Da lern nicht nur ich dabei, wen er die dicksten Brocken rauskramt ,,,echt klasse weiter so


----------



## MTB-News.de




----------



## Scrat (30. Juni 2006)

ChrisKing schrieb:
			
		

> Manuel Kaletta



Der fährt gelegentlich mal SDM und DM Master.

Gruß, Thomas


----------



## bertieeee (1. Juli 2006)

ich würd mal gern wissen was der bruno arnold macht?


----------



## tommytrialer (1. Juli 2006)

es wurde mal erzählt er hat aufgehört und wäre bäcker

aber bei der seite von den mbk teamfahrern steht er als fahrer drauf
http://www.tmshow.net/ dann auf race und dann auf team ist ein bild von ihm drin


----------



## trialbock (1. Juli 2006)

Poulo beim Soultrial auf dem Emmendinger AMC 






Das war Oktober 2004 

Nach 1 JAhr Trialpause hatte er noch ein Bombiges Gleichgewicht ..der Wahnsinn





Auf dem AMC waren schon einige Wettkämpfe ist grad 10 minuten fussmarsch von mir .... leider ist der AMC nix mehr für trialer .
mehr ne unkraut deponie .Echt Schade


----------



## roborider (1. Juli 2006)

Was für ein Rahmen ist das?


----------



## Raimund-Aut (1. Juli 2006)

Der Rahmen müsst ein Stalla&Dittrich sein, für die waren die Emmendinger Buben damals unterwegs....
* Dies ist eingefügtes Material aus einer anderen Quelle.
Lemma Bset7_transversal v i : L3 l v -> L12 i -> B i (a7 v) = ~~ B i (b7 v).
Proof.
move=> v3 i12; have pa := paired7_a7 v3; have a12 := paired7_L12 pa.
rewrite -(partner7_a7 v3) !Bset7E // paired7_partner // odd_partner7 //.
rewrite eq_partner7 // partner7_inj // pa.
by case: (odd _); case: (odd i); case: (_ == i); case: (_ == partner7 i).
Qed.

Lemma Bset7_partner i : paired7 i -> B i (partner7 i).
Proof.
move=> pi; have i12 := paired7_L12 pi.
by rewrite Bset7E ?paired7_partner ?odd_partner7 // pi eqxx orbT; case: (odd i).
Qed.

Lemma Bset7_partner_compl w i : L12 w -> i != w -> B w i -> ~~ B w (partner7 i).
Proof.
move=> w12 iw Bwi; have i12 := paired7_L12 (Bset7_paired w12 Bwi).
move: Bwi; rewrite !Bset7E ?paired7_partner ?odd_partner7 ?eq_partner7 ?partner7K ?L12_partner7 //.
by rewrite (negbTE iw); case: (odd i); case: (odd w); case: (i == partner7 w); case: (paired7 i).
Qed.

Lemma size_A7_L3 v : L3 l v -> size (A7 l v) <= 2.
Proof.
move=> v3; apply: (@uniq_leq_size _ _ [:: a7 v; b7 v]); first exact/filter_uniq/iota_uniq.
by move=> j; rewrite mem_A7_L3 // !inE.
Qed.

Lemma unpaired_in_A7 w j : L12 w -> inm (5*l+3) j -> ~~ paired7 j -> j != w -> j \in A7 l w.
Proof.
move=> w12 jm jp jw; have := row7_compl j (L12_inm w12).
rewrite in_cons (negbTE jw) jm /= => ->; apply: contra jp; exact: Bset7_paired.
Qed.

Lemma size_A7_L12 w : 0 < l -> L12 w -> 2 < size (A7 l w).
Proof.
move=> l_gt0 w12; pose c := if w == 2 then 2*l+3 else 2.
have cw : c != w by rewrite /c; case: ifP => /eqP; lia.
apply: (@uniq_leq_size _ [:: 4*l+3; 4*l+4; c]); first by rewrite /= !inE /c; case: ifP; lia.
move=> j /[!inE] jc; apply: unpaired_in_A7 => //; move: jc cw w12;
  rewrite /c /inm /paired7 /L12 /L1 /L2; case: ifP; lia.
Qed.

Definition pick7 i v := if B i (a7 v) then a7 v else b7 v.

Lemma in_pair7_pick7 i v : in_pair7 v (pick7 i v).
Proof. by rewrite /pick7 /in_pair7; case: ifP; rewrite eqxx ?orbT. Qed.

Lemma Bset7_pick7 i v : L3 l v -> L12 i -> B i (pick7 i v).
Proof.
by move=> v3 i12; rewrite /pick7; case: ifP => // /negbT; rewrite Bset7_transversal // negbK.
Qed.

Lemma Bset7_sub_pick7 i j : L12 i -> B i j -> exists2 v, L3 l v & j = pick7 i v.
Proof.
move=> i12 Bij; have [v v3 pv] := paired7_in_pair (Bset7_paired i12 Bij).
exists v => //; rewrite /pick7; case/orP: pv => /eqP jv.
  by rewrite -jv Bij.
by rewrite Bset7_transversal // -jv Bij.
Qed.

Lemma uniq_map_in_pair7 (f : nat -> nat) S : uniq S -> {subset S <= L3 l} ->
  (forall v, v \in S -> in_pair7 v (f v)) -> uniq (map f S).
Proof.
move=> uS S3 fS; rewrite map_inj_in_uniq // => v v' vS v'S fvv'.
by apply: (in_pair7_inj (S3 _ vS) (S3 _ v'S) (fS _ vS)); rewrite fvv' fS.
Qed.

Lemma L3_missing S : size S < l+1 -> exists2 v, L3 l v & v \notin S.
Proof.
move=> Sl; have [/hasP[v]|/hasPn iS] := boolP (has (fun v => v \notin S) (iota (4*l+3) (l+1))).
  by rewrite mem_iota => vL ?; exists v; rewrite // /L3; lia.
have /uniq_leq_size : uniq (iota (4*l+3) (l+1)) := iota_uniq _ _.
by move=> /(_ S (fun v vI => negbNE (iS v vI))); rewrite size_iota; lia.
Qed.

Lemma L3_full S : uniq S -> {subset S <= L3 l} -> l+1 <= size S ->
  S =i L3 l /\ size S = l+1.
Proof.
move=> uS S3 Sl; have SI : {subset S <= iota (4*l+3) (l+1)}.
  by move=> v /S3; rewrite mem_iota /L3; lia.
have [|-> eqS] := uniq_min_size uS SI; first by rewrite size_iota.
rewrite size_iota; split=> // v.
by rewrite eqS mem_iota /L3; apply/idP/idP; lia.
Qed.

Lemma not_removed_L3_rows S i : uniq S -> {subset S <= L3 l} ->
  i \notin S -> ~ removed (5*l+3) (A7 l) (map row7 S) i.
Proof.
move=> uS S3 iS; apply: (not_removed_of_subst (c := partner7 i)) => r.
rewrite size_map => rS; rewrite (nth_map 0) //.
have v3 := S3 _ (mem_nth 0 rS); rewrite row7_L3 // => /orP[/eqP iv | piv].
  by rewrite iv mem_nth in iS.
have pi := in_pair7_paired v3 piv; have i12 := paired7_L12 pi.
have ppv : in_pair7 (nth 0 S r) (partner7 i) by rewrite in_pair7_partner.
split=> [||r']; [exact: Bset7_partner | by rewrite row7_L3 // ppv orbT |].
move=> r'S; rewrite (nth_map 0) //.
have v'3 := S3 _ (mem_nth 0 r'S); rewrite row7_L3 // => /orP[/eqP pv' | ppv'].
  by move: v'3 (L12_partner7 i12); rewrite -pv' /L3 /L12 /L1 /L2; lia.
by apply/eqP; rewrite -(nth_uniq 0 r'S rS uS); apply/eqP/(in_pair7_inj v'3 v3 ppv').
Qed.

Lemma sdr_with_L12_row w i : L12 w -> L12 i -> i != w ->
  exists f x, [/\ forall v, L3 l v -> in_pair7 v (f v) && ((f v == i) || B i (f v)),
                  forall v, L3 l v -> f v != x,
                  x \in row7 w & (x == i) || B i x].
Proof.
move=> w12 i12 iw; have [iw_row | iw_row] := boolP (i \in row7 w).
  exists (pick7 i), i; split=> [v v3|v v3||] //; last by rewrite eqxx.
    by rewrite in_pair7_pick7 (Bset7_pick7 v3 i12) orbT.
  by have /and3P[] := Bset7_pick7 v3 i12.
have Bwi : B w i by move: iw_row; rewrite row7_compl ?(L12_inm w12) // (L12_inm i12) /= negbK.
have pi := Bset7_paired w12 Bwi.
exists (fun v => if pick7 i v == partner7 i then i else pick7 i v), (partner7 i).
split=> [v v3|v v3||]; last by rewrite Bset7_partner ?orbT.
- case: ifP => [/eqP pv|_]; last by rewrite in_pair7_pick7 (Bset7_pick7 v3 i12) orbT.
  by rewrite eqxx andbT -in_pair7_partner -?pv ?in_pair7_pick7 // paired7_L12.
- case: ifP => [_|/negbT //]; apply/eqP => /(congr1 odd).
  by rewrite odd_partner7 ?paired7_L12 //; case: (odd i).
- rewrite row7_compl ?(L12_inm w12) // (L12_inm (L12_partner7 (paired7_L12 pi))) /=.
  exact: Bset7_partner_compl.
Qed.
Und der Bruno Arnold hat nach einer Pause wieder mit dem Trial angefangen und ist letztes Jahr sogar irgendwo einen Indoor mitgefahren.... EC oder WC, weiß nicht mehr genau..


----------



## tommytrialer (1. Juli 2006)

der ist bei dem indoor trial in marseille mitgefahren, da dürfen aber glaube ich nur fahrer mitfahren bzw werden eingeladen die schonmal weltmeister waren


----------



## Raimund-Aut (1. Juli 2006)

Öhler ist auch mitgefahren, er hat mir von Bruno Arnold erzählt, also muss der Modus irgendwie anders gewesen sein. Ansonsten erinnert mich der Bruno immer ein wenig an den Berberich... Mal gut gewesen, dann lange Pause und jetzt wieder ein bisschen Trialen...


----------